TANZANIA

There are approximately 80,000 Robusta coffee-farming families in North-Western Tanzania.    30,000 live in 141 communities in the districts of Bukoba Town, Bukoba Rural, Missenyi, Muleba, Biharamulo, and Ngara, and they are members of the Kagera Cooperative Union.  50,000 of them live in 150 communities in the districts of Karagwe and Kyerwa and are members of the Karagwe District Cooperative Union.

Each cooperative union has a project to help 30 communities become organic coffee producers.   The two unions have no assistance for their other communities, and SID will help them increase their productivity, price, and income from Robusta coffee.

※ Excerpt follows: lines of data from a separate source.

(* Let $\mathcal F_1$ and $\mathcal F_2$ be completely positive maps on $M_D$ with spectral radius $1$, where $\mathcal F_1$ is trace-preserving and $\tau(\mathcal F_1)<1$. Let $\rho_1$ be the unique density matrix with $\mathcal F_1(\rho_1)=\rho_1$. Let $\xi\in M_D$ satisfy $\mathcal F_2^\dagger(\xi)=\xi$, normalised so that $\mathrm{Tr}(\rho_1\xi)=1$. Set $$k=\frac{1+\tau(\mathcal F_1)}{1-\tau(\mathcal F_1)}\,\|\mathcal F_1-\mathcal F_2\|_{1\to1}.$$ If $k<1$, then $$\|\mathbb 1-\xi\|_\infty\le\frac{k}{1-k}.$$
   Context: Notation: $M_D$ is the space of complex $D\times D$ matrices and $\|\cdot\|_p$ is the Schatten $p$-norm ($\|\cdot\|_\infty$ the operator norm). For a linear map $\mathcal F$ on $M_D$, $\|\mathcal F\|_{1\to1}:=\sup_{\sigma\ne0}\|\mathcal F(\sigma)\|_1/\|\sigma\|_1$. The dual map $\mathcal F^\dagger$ is defined by $\mathrm{Tr}(A\,\mathcal F(B))=\mathrm{Tr}(\mathcal F^\dagger(A)B)$ for all $A,B$. The ergodicity coefficient is $\tau(\mathcal F):=\sup\{\|\mathcal F(\sigma)\|_1/\|\sigma\|_1:\ 0\ne\sigma\in M_D,\ \mathrm{Tr}\,\sigma=0\}$. A trace-preserving positive map with $\tau<1$ has a unique fixed density matrix. *)

From HB Require Import structures.
From mathcomp Require Import all_boot all_order all_algebra.
Set Implicit Arguments. Unset Strict Implicit. Unset Printing Implicit Defensive.
Import Order.TTheory GRing.Theory Num.Theory Num.Def.
Local Open Scope ring_scope.
Local Open Scope sesquilinear_scope.

Section Defs.
Variable C : numClosedFieldType.

Definition adjmx m n (A : 'M[C]_(m, n)) : 'M[C]_(n, m) := A ^t*.

Definition psd n (A : 'M[C]_n) : Prop :=
  forall v : 'rV[C]_n, 0 <= (v *m A *m adjmx v) 0 0.

Definition density n (rho : 'M[C]_n) : Prop := psd rho /\ \tr rho = 1.

Definition singvals n (A : 'M[C]_n) : 'I_n -> C :=
  fun i => sqrtC (spectral_diag (adjmx A *m A) 0 i).

Definition tnorm n (A : 'M[C]_n) : C := \sum_i singvals A i.

Definition opnorm n (A : 'M[C]_n) : C := \big[Num.max/0]_i singvals A i.

Definition is_sup (S : C -> Prop) (x : C) : Prop :=
  x \is Num.real /\ (forall y, S y -> y <= x) /\
  (forall z, z \is Num.real -> (forall y, S y -> y <= z) -> x <= z).

Definition norm11_set D (F : 'M[C]_D -> 'M[C]_D) : C -> Prop :=
  fun r => exists sigma : 'M[C]_D, sigma != 0 /\ r = tnorm (F sigma) / tnorm sigma.

Definition ergodic_set D (F : 'M[C]_D -> 'M[C]_D) : C -> Prop :=
  fun r => exists sigma : 'M[C]_D, sigma != 0 /\ \tr sigma = 0 /\
                             r = tnorm (F sigma) / tnorm sigma.

(* the dual map: Tr(A F(B)) = Tr(F^dagger(A) B) *)
Definition dualmap D (F : 'M[C]_D -> 'M[C]_D) (A : 'M[C]_D) : 'M[C]_D :=
  \matrix_(i, j) \tr (A *m F (delta_mx j i)).

Definition trace_preserving D (F : 'M[C]_D -> 'M[C]_D) : Prop :=
  forall X, \tr (F X) = \tr X.

Definition splitidx n D (k : 'I_(n * D)) : 'I_n * 'I_D :=
  pair_of_mxvec_index (mxvec_indexP k).

Definition blockof n D (X : 'M[C]_(n * D)) (a b : 'I_n) : 'M[C]_D :=
  \matrix_(i, j) X (mxvec_index a i) (mxvec_index b j).

(* the ampliation id_n (x) F acting on M_n (x) M_D = M_(n*D) *)
Definition ampl n D (F : 'M[C]_D -> 'M[C]_D) (X : 'M[C]_(n * D)) : 'M[C]_(n * D) :=
  \matrix_(k, l) F (blockof X (splitidx k).1 (splitidx l).1)
                   (splitidx k).2 (splitidx l).2.

Definition positive_map D (F : 'M[C]_D -> 'M[C]_D) : Prop :=
  forall X, psd X -> psd (F X).

Definition completely_positive D (F : 'M[C]_D -> 'M[C]_D) : Prop :=
  forall n, positive_map (@ampl n D F).

Definition spectral_radius D (F : {linear 'M[C]_D -> 'M[C]_D}) (r : C) : Prop :=
  (exists l, eigenvalue (lin_mx F) l /\ `|l| = r) /\
  (forall l, eigenvalue (lin_mx F) l -> `|l| <= r).

End Defs.

From HB Require Import structures.
From mathcomp Require Import all_boot all_order all_algebra.
From mathcomp Require Import ring.
Import Order.TTheory GRing.Theory Num.Theory Num.Def.
Set Implicit Arguments. Unset Strict Implicit. Unset Printing Implicit Defensive.
Local Open Scope ring_scope.
Local Open Scope sesquilinear_scope.

(* Write X = 1 - xi. Since F2^dagger xi = xi and F1 preserves the trace,
   Tr(A X) = Tr(F1(A) X) + Tr((F1 - F2)(A) xi) for every A, while Tr(rho1 X) = 0.
   Pick sigma with ||sigma||_1 <= 1 and ||X||_oo <= |Tr(sigma X)|.  Then F1(sigma) differs from
   Tr(sigma) rho1 by the traceless S = F1(sigma - Tr(sigma) rho1), of trace norm at most
   2 tau, and S = eta - F1(eta) for a traceless eta with (1 - tau) ||eta||_1 <= ||S||_1.
   Applying the identity to sigma and to eta gives
   ||X||_oo <= n12 (||eta||_1 + ||sigma||_1) ||xi||_oo <= k ||xi||_oo <= k (1 + ||X||_oo). *)


Lemma mxtraceB (R : pzRingType) n (A B : 'M[R]_n) : \tr (A - B) = \tr A - \tr B.
Proof. exact: raddfB. Qed.

Lemma real_maxr_cases (R : numDomainType) (x y : R) :
  x \is Num.real -> y \is Num.real ->
  [/\ x <= maxr x y, y <= maxr x y & maxr x y = x \/ maxr x y = y].
Proof.
move=> xr yr; rewrite /maxr; case: ifP => xy.
  by split => //; [exact: ltW | right].
by split => //; [rewrite real_leNgt ?xy | left].
Qed.

Section BigmaxNonneg.
Variables (R : numDomainType) (n : nat) (f : 'I_n -> R).
Hypothesis f_ge0 : forall i, 0 <= f i.

Lemma bigmaxr_ge0 : 0 <= \big[maxr/0]_i f i.
Proof.
apply: (big_ind (fun x => 0 <= x)) => // x y x0 y0.
by have [_ _ [->|->]] := real_maxr_cases (ger0_real x0) (ger0_real y0).
Qed.

Lemma le_bigmaxr i : f i <= \big[maxr/0]_j f j.
Proof.
elim: (index_enum _) (mem_index_enum i) => // j r IH; rewrite inE big_cons.
have rest_real : \big[maxr/0]_(k <- r) f k \is Num.real.
  by apply: bigmax_real => // k _; apply: ger0_real.
have [fj_le rest_le _] := real_maxr_cases (ger0_real (f_ge0 j)) rest_real.
by case/orP => [/eqP-> //|/IH/le_trans]; apply.
Qed.

Lemma bigmaxr_le c : 0 <= c -> (forall i, f i <= c) -> \big[maxr/0]_i f i <= c.
Proof.
move=> c0 fc; suff /andP[] : 0 <= \big[maxr/0]_i f i <= c by [].
apply: (big_ind (fun x => 0 <= x <= c)) => [|x y /andP[x0 xc] /andP[y0 yc]|i];
  rewrite ?lexx ?c0 ?f_ge0 ?fc //.
by have [_ _ [->|->]] := real_maxr_cases (ger0_real x0) (ger0_real y0); apply/andP.
Qed.

Lemma bigmaxr_attained :
  \big[maxr/0]_i f i = 0 \/ exists i, \big[maxr/0]_j f j = f i.
Proof.
apply: (big_ind (fun x => x = 0 \/ exists i, x = f i)); [by left | | by right; exists i].
move=> x y hx hy.
have real_of z : (z = 0 \/ exists i, z = f i) -> z \is Num.real.
  by case=> [->|[i ->]]; rewrite ?real0 ?(ger0_real (f_ge0 i)).
by have [_ _ [->|->]] := real_maxr_cases (real_of x hx) (real_of y hy).
Qed.

End BigmaxNonneg.

Section Schatten.
Variable C : numClosedFieldType.
Local Notation "''[' u , v ]" := (dotmx u v) : ring_scope.
Local Notation "''[' u ]" := (dotmx u u) : ring_scope.

Lemma adjmxM m n p (A : 'M[C]_(m, n)) (B : 'M[C]_(n, p)) :
  (A *m B)^t* = B^t* *m A^t*.
Proof. by rewrite trmx_mul map_mxM. Qed.

Lemma adjmxD m n (A B : 'M[C]_(m, n)) : (A + B)^t* = A^t* + B^t*.
Proof. by apply/matrixP => i j; rewrite !mxE rmorphD. Qed.

Lemma adjmxZ m n c (A : 'M[C]_(m, n)) : (c *: A)^t* = c^* *: A^t*.
Proof. by apply/matrixP => i j; rewrite !mxE rmorphM. Qed.

Lemma adjmx_delta_row n (i : 'I_n) : ('e_i : 'rV[C]_n)^t* = delta_mx i 0.
Proof. by apply/matrixP => a b; rewrite !mxE rmorph_nat andbC. Qed.

Lemma adjmx1 n : (1%:M : 'M[C]_n)^t* = 1%:M.
Proof. by apply/matrixP => i j; rewrite !mxE rmorph_nat eq_sym. Qed.

Lemma unitarymx_adjK n (P : 'M[C]_n) : P \is unitarymx -> P^t* *m P = 1%:M.
Proof. by move=> PU; rewrite -invmx_unitary // mulVmx // unitarymx_unit. Qed.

Farmers of both cooperative unions have similar opportunities for increasing their income.  They need to prune their coffee trees, stump older trees, and fertilize the trees with manure to increase their productivity.  The recommended number of trees is 450 per acre, but most farmers have only 50 to 250 trees per acre.  Also, most farmers dry their cherries but do not take the extra step of hulling them and selling the beans.

THE GENERAL POPULATION

The project began in September 2024, with farmers defining 22 practices they needed to adopt to graduate from poverty—8 for increasing productivity, 5 for increasing their price, 5 for conserving land and water, and 4 for making better business decisions.

We started the project by helping farmers fill the gaps in their coffee plots so that they could plant new seedlings in October and November 2024.

We will conduct the baseline for the general population’s knowledge and adoption of the practice they need to adopt in December 2024.